This dataset contains benthic data generated from imagery collected by divers conducting photogrammetric monitoring at EcoRRAP sites (see SOP #14: Reef monitoring sampling methods | AIMS). These images used are the underlying images of the EcoRRAP 3D models and are used here to assess benthic community composition within EcoRRAP plots.
A subset of images were extracted for this dataset by using a python script that filtered for image position within 3D models, to enable the best spatial stratification, as well as for aspect to maximise extraction of images facing the benthos. A 1000-pixel bounding box was applied to the edges of the image to remove areas of distortion (original image size was 8256x5504 pixels). Images were extracted for 352 plots in 2021, 333 plots in 2022, 325 plots in 2023, and 191 plots in 2024. Missing plots from each year are not available due to either logitsical or processing constraints.

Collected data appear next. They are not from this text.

(* Let $a\in\mathbb C$ and $n\ge 0$. Then $\{(x-a)^T : T\in\mathbb P_n\}$ is a $\mathbb C$-basis of $\mathbb C\{x\}_{\le n}$. Moreover, for every $f\in\mathbb C\{x\}_{\le n}$ and every $T\in\mathbb P_n$, the coefficient of $(x-a)^T$ in the expansion of $f$ with respect to this basis is $$\langle f,(x-a)^T\rangle=\sum_{U\in\mathbb P_n}\langle f,x^U\rangle\,(U/T)\,a^{\deg(U)-\deg(T)}.$$
   Context: Let $\mathbb P$ denote the set of finite planar reduced rooted trees (rooted trees in which the children of each vertex are linearly ordered and no vertex has exactly one child), including the empty tree $\mathbf 1$ and the one-vertex tree $|$. For $T\in\mathbb P$, $\deg(T)$ is the number of leaves ($\deg\mathbf 1=0$, $\deg|=1$) and $L(T)$ is its set of leaves; $\mathbb P_n=\{T\in\mathbb P:\deg T\le n\}$. The algebra $\mathbb C\{x\}_{\mathbb P}$ of planar polynomials is the $\mathbb C$-vector space with basis $\{x^T:T\in\mathbb P\}$, $x^{\mathbf 1}=1$, $x^{|}=x$, equipped for each $k\ge2$ with the $k$-linear operation $\omega_k$ given on basis elements by $\omega_k(x^{T_1},\dots,x^{T_k})=x^T$, where $T$ is obtained by attaching the nonempty $T_i$ (in this order) as the subtrees of the children of a new root (if exactly one $T_i$ is nonempty, $T$ is that $T_i$; if all are empty, $T=\mathbf 1$). The product is $f\cdot g=\omega_2(f,g)$. Each $x^T$ arises from $x$ by iterating these operations along the tree $T$; for $y\in\mathbb C\{x\}_{\mathbb P}$, $y^T$ denotes the result of the same iteration starting from $y$ (with $y^{\mathbf 1}=1$), in particular $(x-a)^T$ for $a\in\mathbb C$. $\mathbb C\{x\}_{\le n}$ is the span of $\{x^T:T\in\mathbb P_n\}$, and $\langle f,x^U\rangle$ is the coefficient of $x^U$ in $f$. For $S\in\mathbb P$ and $I\subseteq L(S)$, the contraction $S|I\in\mathbb P$ is obtained from the subtree of $S$ consisting of all vertices on paths from the root to leaves in $I$ (with induced planar order) by suppressing every vertex having exactly one child; $S|\emptyset=\mathbf 1$ and $S|I=|$ if $\#I=1$. The planar binomial coefficient is $(S/T)=\#\{I\subseteq L(S): S|I=T\}$ (so it is $0$ unless $\deg T\le \deg S$). *)

From HB Require Import structures.
From mathcomp Require Import all_boot all_algebra.

Set Implicit Arguments.
Unset Strict Implicit.
Unset Printing Implicit Defensive.
Import GRing.Theory.
Local Open Scope ring_scope.

(** Nonempty planar rooted trees: a vertex is the (ordered) list of its
    children; a leaf is [PNode [::]]. *)
Inductive ptree := PNode of seq ptree.

Fixpoint ptree_enc (t : ptree) : GenTree.tree unit :=
  let: PNode ts := t in GenTree.Node 0 (map ptree_enc ts).
Fixpoint ptree_dec (g : GenTree.tree unit) : ptree :=
  match g with
  | GenTree.Leaf _ => PNode [::]
  | GenTree.Node _ gs => PNode (map ptree_dec gs)
  end.

Lemma ptree_encK : cancel ptree_enc ptree_dec.
Proof.
rewrite /cancel; fix IH 1; case=> ts /=; congr PNode.
elim: ts => //= t ts IHts; by rewrite IH IHts.
Qed.

HB.instance Definition _ := Countable.copy ptree (can_type ptree_encK).

Definition pleaf : ptree := PNode [::].

(** Elements of P: [None] is the empty tree 1, [Some t] a nonempty tree. *)
Definition ptr := option ptree.

Fixpoint reduced (t : ptree) : bool :=
  let: PNode ts := t in (size ts != 1%N) && all reduced ts.
Definition preduced (T : ptr) : bool :=
  if T is Some t then reduced t else true.

Fixpoint nleaves (t : ptree) : nat :=
  let: PNode ts := t in
  if ts is [::] then 1%N else sumn (map nleaves ts).
Definition pdeg (T : ptr) : nat := if T is Some t then nleaves t else 0%N.

Definition Pn (n : nat) (T : ptr) : bool := preduced T && (pdeg T <= n)%N.

(** grafting: the tree of omega_k on basis elements *)
Definition graft (ts : seq ptr) : ptr :=
  match pmap id ts with
  | [::] => None
  | [:: t] => Some t
  | ts' => Some (PNode ts')
  end.

(** contraction S|I, where I is encoded by a bit sequence indexing the
    leaves of S in left-to-right (planar) order; returns the contracted
    tree together with the unconsumed bits. *)
Fixpoint restr (t : ptree) (m : bitseq) : ptr * bitseq :=
  let: PNode ts := t in
  if ts is [::] then
    match m with
    | b :: m' => (if b then Some pleaf else None, m')
    | [::] => (None, [::])
    end
  else
    let fix go (us : seq ptree) (m : bitseq) : seq ptr * bitseq :=
      match us with
      | [::] => ([::], m)
      | u :: us' =>
          let: (r, m1) := restr u m in
          let: (rs, m2) := go us' m1 in (r :: rs, m2)
      end in
    let: (rs, m') := go ts m in (graft rs, m').

Definition contract (S : ptr) (m : bitseq) : ptr :=
  if S is Some s then (restr s m).1 else None.

Definition pbinom (S T : ptr) : nat :=
  #|[pred m : (pdeg S).-tuple bool | contract S m == T]|.

(** Planar polynomials, represented as formal finite linear combinations
    of basis elements x^T; equality is equality of coefficient functions. *)
Section PlanarPoly.
Variable F : comRingType.

Definition ppoly := seq (F * ptr).

Definition pcoef (f : ppoly) (U : ptr) : F := \sum_(p <- f | p.2 == U) p.1.

Definition pscale (c : F) (f : ppoly) : ppoly := [seq (c * p.1, p.2) | p <- f].

Fixpoint combs (fs : seq ppoly) : seq (F * seq ptr) :=
  if fs is f :: fs' then
    [seq (c.1 * d.1, c.2 :: d.2) | c <- f, d <- combs fs']
  else [:: (1, [::])].

(** multilinear extension of omega_k *)
Definition pomega (fs : seq ppoly) : ppoly := [seq (d.1, graft d.2) | d <- combs fs].

Fixpoint tpow (y : ppoly) (t : ptree) : ppoly :=
  let: PNode ts := t in
  if ts is [::] then y else pomega (map (tpow y) ts).
Definition ppow (y : ppoly) (T : ptr) : ppoly :=
  if T is Some t then tpow y t else [:: (1, None)].

Definition pxa (a : F) : ppoly := [:: (1, Some pleaf); (- a, None)].

Definition in_le (n : nat) (f : ppoly) : Prop :=
  forall U, ~~ Pn n U -> pcoef f U = 0.

Definition lincomb (s : seq ptr) (c : ptr -> F) (y : ppoly) : ppoly :=
  flatten [seq pscale (c T) (ppow y T) | T <- s].

End PlanarPoly.

(* Expanding [y^T] multilinearly along [T] gives
     [(x + c)^T = \sum_I c^(deg T - #I) x^(T|I)],
   I ranging over the subsets of leaves of [T]; so the coefficient of [x^U] in
   [(x + c)^T] is [(T/U) c^(deg T - deg U)].  A contraction [(T|I)|J] of a
   contraction is a contraction [T|I'] with [I' ⊆ I], and each such [I'] arises
   from exactly one [J].  The subset binomial theorem therefore gives
     [\sum_U (T/U) c^(deg T - deg U) (U/W) d^(deg U - deg W) = (T/W) (c + d)^(deg T - deg W)],
   i.e. these coefficient matrices on [P_n] form a one-parameter group, which
   is the identity at [c = 0].  The matrix of the [(x - a)^T] in the basis
   [x^U] is the one at [c = -a], and its inverse, the one at [c = a], yields
   the stated coefficients. *)

From HB Require Import structures.
From mathcomp Require Import all_boot all_algebra.
From mathcomp Require Import ring.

Twelve images per plot (72 square meters, or 12 x 6m, total in each plot) with 50 points per image were analysed in ReefCloud. Images from a subset of plots in 2021, 2022, and 2023 were manually annotated in ReefCloud to train an automated image analysis model and the remaining plots were analysed using the automated model. Images were annotated using the EcoRRAP Community Composition Label Set which is included in this data package.
Important Note for 2024 data: data is only available from reefs in the EcoRRAP Central Cluster and the Torres Strait Cluster. Please also be aware that no additional human annotations have been done on 2024 images, therefore all 2024 points are solely machine generated.
The ReefCloud ML model was trained with a goal of achieving 80% accuracy for identification of benthos. Training proceeded as an iterative process with model diagnostics assessed after each round of training. Once performance targets were reached across course taxonomic classes, targeted annotation was undertaken to improve the model performance for specific classes. In January 2026, a full quality check of all human annotated points was undertaken to ensure optimal model performance.
Please read all associated README files prior to using this dataset as they provide critical context about the generation and use of this data.